Prevalence of coronary artery–pulmonary artery collateral vessels

Among the 259 CTEPH patients with cineangiographic images deemed adequate to definitively assess for coronary artery–pulmonary artery collaterals, 34 definite collaterals were observed in 28 CTEPH patients (10.8%, including 22 men and 6 women; Figs. 1–4; Videos 1–5). Six patients had two distinct coronary artery–pulmonary artery collaterals. The remaining 231 CTEPH patients with adequate imaging had no evidence of collaterals. The vessels in the 41 CTEPH patients with angiograms of indeterminate diagnostic quality were classified as probable (n = 10; Fig. S1), possible (n = 11), or unlikely (n = 20) collaterals.

Figure 1.

Right posterolateral artery–to–pulmonary artery collateral in a 43-year-old man with chronic thromboembolic pulmonary hypertension. A, Left anterior oblique cranial view. B, Extension of the vessel beyond the heart border in the left anterior oblique cranial view.

Figure 2.

Large corkscrew collateral from the right posterolateral artery to the right and left pulmonary arteries in a 47-year-old man with chronic thromboembolic pulmonary hypertension, shown in the left anterior oblique cranial view.

Figure 3.

Coronary artery–pulmonary artery collateral arising from the left circumflex artery in a 67-year-old man with chronic thromboembolic pulmonary hypertension, shown in the left anterior oblique cranial view.

Figure 4.

Collateral vessel arising from the proximal left circumflex artery traveling toward the left lung in a 46-year-old man with chronic thromboembolic pulmonary hypertension, shown in the right anterior oblique caudal view.

Video 1.

Still photograph from a video (Video 1 ^{(2.6MB, avi)} ) showing a coronary artery–pulmonary artery collateral arising from the posterolateral artery.

Video 2.

Still photograph from a video (Video 2 ^{(2MB, avi)} ) showing a coronary artery–pulmonary artery collateral arising from the right coronary artery.

Video 3.

Still photograph from a video (Video 3 ^{(1.5MB, avi)} ) showing a coronary artery–pulmonary artery collateral arising from the left circumflex artery.

Video 4.

Still photograph from a video (Video 4 ^{(2.6MB, avi)} ) showing coronary artery–pulmonary artery collaterals arising from the posterolateral artery.

Video 5.

Still photograph from a video (Video 5 ^{(1.7MB, avi)} ) showing a coronary artery–pulmonary artery collateral arising from the left circumflex artery.

The prevalence of coronary artery–pulmonary artery collaterals was significantly lower in the control group than in the CTEPH group (0.4% [n = 1] vs. 10.8% [n = 28]; P < 0.001).

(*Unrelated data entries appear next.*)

(* Let $\Omega=\{\omega_1,\dots,\omega_n\}$ be a finite set of bids, let $u:\Omega\to[0,1]$ be a utility function, let $a:\Omega\to[0,1]$ be a (static) acceptance-probability function, let $\mathit{rv}$ be a real number (the reservation value), and let $D\le n$ be a positive integer (the deadline). For a finite sequence $\pi=(x_1,\dots,x_k)$ of elements of $\Omega$, writing $u_i=u(x_i)$ and $a_i=a(x_i)$, define $$EU_{\mathit{rv}}(\pi)=\sum_{i=1}^{k} u_i\, a_i\prod_{j=1}^{i-1}(1-a_j)+\mathit{rv}\cdot\prod_{j=1}^{k}(1-a_j).$$ Consider the algorithm MIA-RVelous: for $k=1,\dots,D$ in turn, choose $$x_k\in\operatorname{argmax}_{\omega\in\Omega\setminus\{x_1,\dots,x_{k-1}\}} EU_{\mathit{rv}}\big(\mathrm{sort}(\{x_1,\dots,x_{k-1},\omega\})\big),$$ and finally output $\pi^*=\mathrm{sort}(\{x_1,\dots,x_D\})$, where $\mathrm{sort}(S)$ denotes the sequence of the elements of a set $S\subseteq\Omega$ arranged in order of decreasing utility $u$. Then the output $\pi^*$ is an optimal bid sequence, i.e. $$\pi^*\in\operatorname{argmax}_{\pi\in\Omega^{D}} EU_{\mathit{rv}}(\pi).$$
   Context: Setting: bilateral negotiation under the alternating offers protocol, from the perspective of one agent who plans a whole sequence of bids $\pi=(x_1,\dots,x_k)$ in advance. Each bid $x_i$ is accepted by the opponent with probability $a(x_i)$, independently of time (static acceptance model); if accepted the agent receives utility $u(x_i)$, and if all bids are rejected by the deadline $D$ the agent receives the reservation value $\mathit{rv}$. $EU_{\mathit{rv}}(\pi)$ is the resulting expected utility. $\Omega^D$ is the set of all sequences of length $D$ of elements of $\Omega$. *)

From HB Require Import structures.
From mathcomp Require Import all_boot all_order all_algebra.
Set Implicit Arguments. Unset Strict Implicit. Unset Printing Implicit Defensive.
Import Order.TTheory GRing.Theory Num.Theory.
Local Open Scope ring_scope.

Definition EU (R : realFieldType) (T : Type) (u a : T -> R) (rv : R) (pi : seq T) : R :=
  let us := map u pi in
  let as_ := map a pi in
  \sum_(i < size pi) (nth 0 us i * nth 0 as_ i * \prod_(j < i) (1 - nth 0 as_ j))
  + rv * \prod_(j < size pi) (1 - nth 0 as_ j).

Definition usort (R : realFieldType) (T : Type) (u : T -> R) (s : seq T) : seq T :=
  sort (fun x y => u y <= u x) s.

From HB Require Import structures.
From mathcomp Require Import all_boot all_order all_algebra.
From mathcomp Require Import ring lra.
Set Implicit Arguments. Unset Strict Implicit. Unset Printing Implicit Defensive.
Import Order.TTheory GRing.Theory Num.Theory.
Local Open Scope ring_scope.

(* Bidding z in front of a sequence worth x yields (1 - a z) x + a z u z, so EU is a
   composition of such affine steps.  Exchanging two adjacent bids shows that the
   utility-decreasing order is best, so only the set of bids matters.  Let bestEU L k be the
   best value of a k-subset of the utility-sorted list L; it satisfies a dynamic program on
   whether the head z of L is used.  The heart of the proof is that optimal sets are nested:
   every optimal k-set extends by one bid to an optimal (k+1)-set.  This rests on a
   persistence property of the program: once using z is optimal at size k it stays optimal
   at size k+1.  Persistence is proved by induction on L, simultaneously for every affine
   bound x |-> q x + c with 0 <= q <= 1 lying above the identity at the largest utility,
   because conjugating such a bound by an invertible step gives another one.  Nestedness
   makes every greedy choice optimal, by induction on k. *)

(* A step is x |-> (1 - p) x + p v, bidding utility v accepted with probability p in front
   of a continuation worth x; the bounds are the affine maps x |-> q x + c. *)
Section AffineMaps.
Variable R : realFieldType.
Implicit Types q c p v t x y : R.

Lemma affine_ge_id q c t x : q <= 1 -> t <= q * t + c -> x <= t -> x <= q * x + c.
Proof. by move=> *; nra. Qed.

Lemma step_affine_comm p v q c x : 0 <= p -> v <= q * v + c ->
  (1 - p) * (q * x + c) + p * v <= q * ((1 - p) * x + p * v) + c.
Proof.
move=> p0 vg; rewrite -subr_ge0 (_ : _ - _ = p * (q * v + c - v)); last by ring.
by rewrite mulr_ge0 ?subr_ge0.
Qed.

Lemma step_le_affine_stepE p v q c x y : p < 1 ->
  ((1 - p) * y + p * v <= q * ((1 - p) * x + p * v) + c) =
  (y <= q * x + (c - (1 - q) * p * v) / (1 - p)).
Proof.
move=> p1; have p1' : 0 < 1 - p by rewrite subr_gt0.
set d := (c - _) / _; have hd : (1 - p) * d = c - (1 - q) * p * v.
  by rewrite mulrC divfK ?gt_eqF.
rewrite -[y <= _](ler_pM2l p1') [(1 - p) * (_ + d)]mulrDr hd.
by apply/idP/idP => h; lra.
Qed.

Lemma step_fix p v : (1 - p) * v + p * v = v.
Proof. by rewrite mulrBl mul1r subrK. Qed.

Lemma step_coef01 p : 0 <= p <= 1 -> 0 <= 1 - p <= 1.
Proof. by case/andP=> p0 p1; rewrite subr_ge0 lerBlDr lerDl p0 p1. Qed.

Lemma step_conj_ge_id p v q c : p < 1 -> v <= q * v + c ->
  v <= q * v + (c - (1 - q) * p * v) / (1 - p).
Proof. by move=> p1 vg; rewrite -step_le_affine_stepE // step_fix. Qed.

End AffineMaps.

Section ExpectedUtility.
Variables (R : realFieldType) (T : Type) (u a : T -> R) (rv : R).

Definition bid_step (z : T) (x : R) : R := (1 - a z) * x + a z * u z.

Lemma EU_nil : EU u a rv [::] = rv.
Proof. by rewrite /EU /= !big_ord0 add0r mulr1. Qed.

Lemma EU_cons z s : EU u a rv (z :: s) = bid_step z (EU u a rv s).
Proof.
rewrite /EU /bid_step /= !big_ord_recl /= big_ord0 mulr1.
under eq_bigr => i _ do rewrite big_ord_recl /= mulrCA.
by rewrite -big_distrr /=; ring.
Qed.

Hypothesis a01 : forall z, 0 <= a z <= 1.

Lemma bid_step_mono z : {homo bid_step z : x y / x <= y}.
Proof. by move=> x y xy; rewrite lerD2r ler_wpM2l // subr_ge0; case/andP: (a01 z). Qed.

Lemma bid_step_swap x y e : u x <= u y ->
  bid_step x (bid_step y e) <= bid_step y (bid_step x e).
Proof.
move=> uxy; case/andP: (a01 x) => ax _; case/andP: (a01 y) => ay _.
rewrite -subr_ge0 in uxy; have := mulr_ge0 (mulr_ge0 ax ay) uxy.
by rewrite /bid_step; lra.
Qed.

Lemma EU_insert x s1 s2 : all (fun y => u x <= u y) s1 ->
  bid_step x (EU u a rv (s1 ++ s2)) <= EU u a rv (s1 ++ x :: s2).
Proof.
elim: s1 => [|y s1 IH] /=; first by rewrite EU_cons.
case/andP=> xy /IH le_s; rewrite !EU_cons.
exact: le_trans (bid_step_swap _ xy) (bid_step_mono _ le_s).
Qed.

End ExpectedUtility.

Section UtilityOrder.
Variables (R : realFieldType) (T : eqType) (u a : T -> R) (rv : R).
Hypothesis a01 : forall z, 0 <= a z <= 1.

Local Notation desc := (fun x y : T => u y <= u x).
Local Notation EU := (EU u a rv).

Lemma desc_trans : transitive desc.
Proof. by move=> y x z yx zy; apply: le_trans zy yx. Qed.

Lemma desc_total : total desc.
Proof. by move=> x y; apply: le_total. Qed.

Lemma sorted_desc_cons z s :
  sorted desc (z :: s) -> sorted desc s /\ {in s, forall y, u y <= u z}.
Proof. by rewrite /= (path_sortedE desc_trans) => /andP[/allP]. Qed.

Lemma EU_le_sorted p s : perm_eq p s -> sorted desc s -> EU p <= EU s.
Proof.
elim: p s => [|x p IH] s ps s_sorted.
  by move: ps; rewrite perm_sym => /perm_nilP ->.
have x_s : x \in s by rewrite -(perm_mem ps) mem_head.
case/splitPr: x_s ps s_sorted => s1 s2 ps s_sorted.
have {}ps : perm_eq p (s1 ++ s2).
  by rewrite -(perm_cons x) (perm_trans ps) // -cat1s perm_catCA.
rewrite sorted_pairwise ?pairwise_cat in s_sorted; last exact: desc_trans.
case/and3P: s_sorted => /allrelP s1_x s1_sorted /= /andP[/allP x_s2 s2_sorted].
have s12_sorted : sorted desc (s1 ++ s2).
  rewrite sorted_pairwise ?pairwise_cat ?s1_sorted ?s2_sorted ?andbT; last exact: desc_trans.
  by apply/allrelP=> y z y1 z2; apply: s1_x; rewrite // inE z2 orbT.
rewrite EU_cons; apply: le_trans (bid_step_mono u a01 x (IH _ ps s12_sorted)) _.
by apply: (EU_insert rv a01); apply/allP=> y y1; apply: s1_x; rewrite ?mem_head.
Qed.

(* For k <= size L, bestEU L k is the best EU of a length-k subsequence of L; for larger k
   its value is junk. *)
Fixpoint bestEU (L : seq T) (k : nat) : R :=
  if L is z :: L' then
    if k is k'.+1 then
      if (k <= size L')%N then Num.max (bestEU L' k) (bid_step u a z (bestEU L' k'))
      else bid_step u a z (bestEU L' k')
    else rv
  else rv.

Lemma bestEU0 L : bestEU L 0 = rv.
Proof. by case: L. Qed.

Lemma bestEU_cons_max z L k : (k < size L)%N ->
  bestEU (z :: L) k.+1 = Num.max (bestEU L k.+1) (bid_step u a z (bestEU L k)).
Proof. by move=> /= ->. Qed.

Lemma bestEU_cons_ge z L k : (k <= size L)%N -> bestEU L k <= bestEU (z :: L) k.
Proof. by case: k => [|k] kL; rewrite ?bestEU0 // bestEU_cons_max // le_max lexx. Qed.

Lemma bestEU_cons_step z L k : bid_step u a z (bestEU L k) <= bestEU (z :: L) k.+1.
Proof. by rewrite /=; case: ifP => _; rewrite ?le_max lexx ?orbT. Qed.

Lemma bestEU_cons_le z L k x : ((k < size L)%N -> bestEU L k.+1 <= x) ->
  bid_step u a z (bestEU L k) <= x -> bestEU (z :: L) k.+1 <= x.
Proof. by move=> le_x f_le /=; case: ifP => // kL; rewrite ge_max le_x. Qed.

Lemma bestEU_cons_take z L k :
  ((k < size L)%N -> bestEU L k.+1 <= bid_step u a z (bestEU L k)) ->
  bestEU (z :: L) k.+1 = bid_step u a z (bestEU L k).
Proof.
by move=> take_z; apply/le_anti; rewrite bestEU_cons_step andbT; apply: bestEU_cons_le.
Qed.

Lemma EU_le_bestEU s L : subseq s L -> EU s <= bestEU L (size s).
Proof.
elim: L s => [|z L IH] [|x s] //=; rewrite ?EU_nil ?bestEU0 //.
case: eqP => [<- /IH le_s | _ sub].
  by rewrite EU_cons; apply: le_trans (bestEU_cons_step _ _ _); apply: bid_step_mono.
exact: le_trans (IH _ sub) (bestEU_cons_ge _ (size_subseq sub)).
Qed.

(* For q = 1 - a z and c = a z * u z this says that once bidding z first is optimal at
   length k+1 of z :: L, it stays optimal at length k+2. *)
Definition affine_bound_propagates (L : seq T) (q c : R) :=
  forall k, (k.+2 <= size L)%N ->
  bestEU L k.+1 <= q * bestEU L k + c -> bestEU L k.+2 <= q * bestEU L k.+1 + c.

Section PropagationStep.
Variables (z : T) (L : seq T) (q c : R).
Hypotheses (q01 : 0 <= q <= 1) (z_le_g : u z <= q * u z + c).
Hypothesis IH : forall q' c' : R, 0 <= q' <= 1 -> u z <= q' * u z + c' ->
  affine_bound_propagates L q' c'.

Local Notation m := (bestEU L).
Local Notation f := (bid_step u a z).

Lemma propagates_cons_skip k : (k < size L)%N -> m k.+1 <= q * m k + c ->
  bestEU (z :: L) k.+2 <= q * bestEU (z :: L) k.+1 + c.
Proof.
move=> kL m_le; rewrite [bestEU _ k.+1]bestEU_cons_max //.
have q0 : 0 <= q by case/andP: q01.
apply: bestEU_cons_le => [kL1|].
  apply: le_trans (IH q01 z_le_g kL1 m_le) _.
  by rewrite lerD2r ler_wpM2l // le_max lexx.
apply: le_trans (bid_step_mono u a01 z m_le) _.
have [a0 _] := andP (a01 z); apply: le_trans (step_affine_comm _ a0 z_le_g) _.
by rewrite lerD2r ler_wpM2l // le_max lexx orbT.
Qed.

Lemma propagates_cons_take k : (k.+1 < size L)%N -> m k.+1 <= f (m k) ->
  f (m k.+1) <= q * f (m k) + c ->
  bestEU (z :: L) k.+3 <= q * bestEU (z :: L) k.+2 + c.
Proof.
move=> kL take_z f_le.
have IHf : affine_bound_propagates L (1 - a z) (a z * u z).
  by apply: IH; rewrite ?step_coef01 ?step_fix.
have take_z1 : m k.+2 <= f (m k.+1) := IHf _ kL take_z.
rewrite (bestEU_cons_take (fun _ => take_z1)).
rewrite (bestEU_cons_take (fun kL2 => IHf _ kL2 take_z1)).
have [a_lt1 | a_ge1] := ltrP (a z) 1.
  (* Conjugating x |-> q x + c by the invertible step f gives another admissible bound. *)
  move: f_le; rewrite !step_le_affine_stepE //; apply: IH kL => //.
  exact: step_conj_ge_id.
have a_eq1 : a z = 1 by case/andP: (a01 z) => _ a1; apply/le_anti; rewrite a1.
by rewrite /bid_step a_eq1 subrr !mul0r !add0r mul1r.
Qed.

The sole control patient with a collateral had cystic fibrosis and was undergoing evaluation for lung transplantation (Fig. S2).

Characteristics of CTEPH patients with coronary artery–pulmonary artery collaterals

As shown in Table 2, CTEPH patients with coronary artery–pulmonary artery collaterals were younger than those without them (mean age, 50.3 ± 9.1 vs. 59.3 ± 10.4 years; P < 0.001). They were predominantly male (79% [n = 22 of 28] vs. 46% [n = 107 of 231]; P = 0.001) and had a lower prevalence of chronic kidney disease (0% [n = 0 of 28] vs. 14% [n = 33 of 231]; P = 0.03). One patient (3.6%) had a history of coronary artery disease.

Table 2.

Demographics of chronic thromboembolic pulmonary hypertension (CTEPH) patients with and without collateral vessels

Characteristic	CTEPH patients with collaterals (n = 28)	CTEPH patients without collaterals (n = 231)	P
Age, years	50.3 ± 9.1	59.3 ± 10.4	<0.001
Sex
Male	22 (78.6)	107 (46.3)	0.001
Female	6 (21.4)	124 (53.7)
Race
White	16 (57.1)	180 (77.9)
African American	9 (32.1)	37 (16.0)	0.04
Asian	2 (7.1)	4 (1.7)
Unknown	1 (3.6)	10 (4.3)
BMI	29.8 ± 4.7	33.0 ± 14.3	0.46
WHO functional class
1	1 (3.6)	4 (1.7)
2	9 (32.1)	38 (16.5)	0.14
3	17 (60.7)	164 (71.0)
4	1 (3.6)	25 (10.8)
Comorbidities
Diabetes	9 (32.1)	47 (20.3)	0.16
Hypertension	12 (42.9)	97 (42.0)	0.95
Hyperlipidemia	7 (25.0)	57 (24.7)	0.98
Coronary artery disease	1 (3.6)	9 (3.9)	0.93
Chronic kidney disease	0 (0.0)	33 (14.3)	0.03
COPD	2 (7.1)	21 (9.1)	0.73
Asthma	3 (10.7)	20 (8.7)	0.72
Smoking history
Never smoker	16 (57.1)	127 (55.0)
Former smoker	7 (25.0)	82 (35.5)	0.47
Current smoker	4 (14.3)	17 (7.4)
Unknown	1 (3.6)	5 (2.2)

^NoteData are no. (%) or mean ± SD and were compared with the χ² test or the independent-sample t test, respectively. Boldface type indicates statistical significance. BMI: body mass index; WHO: World Health Organization; COPD: chronic obstructive pulmonary disease.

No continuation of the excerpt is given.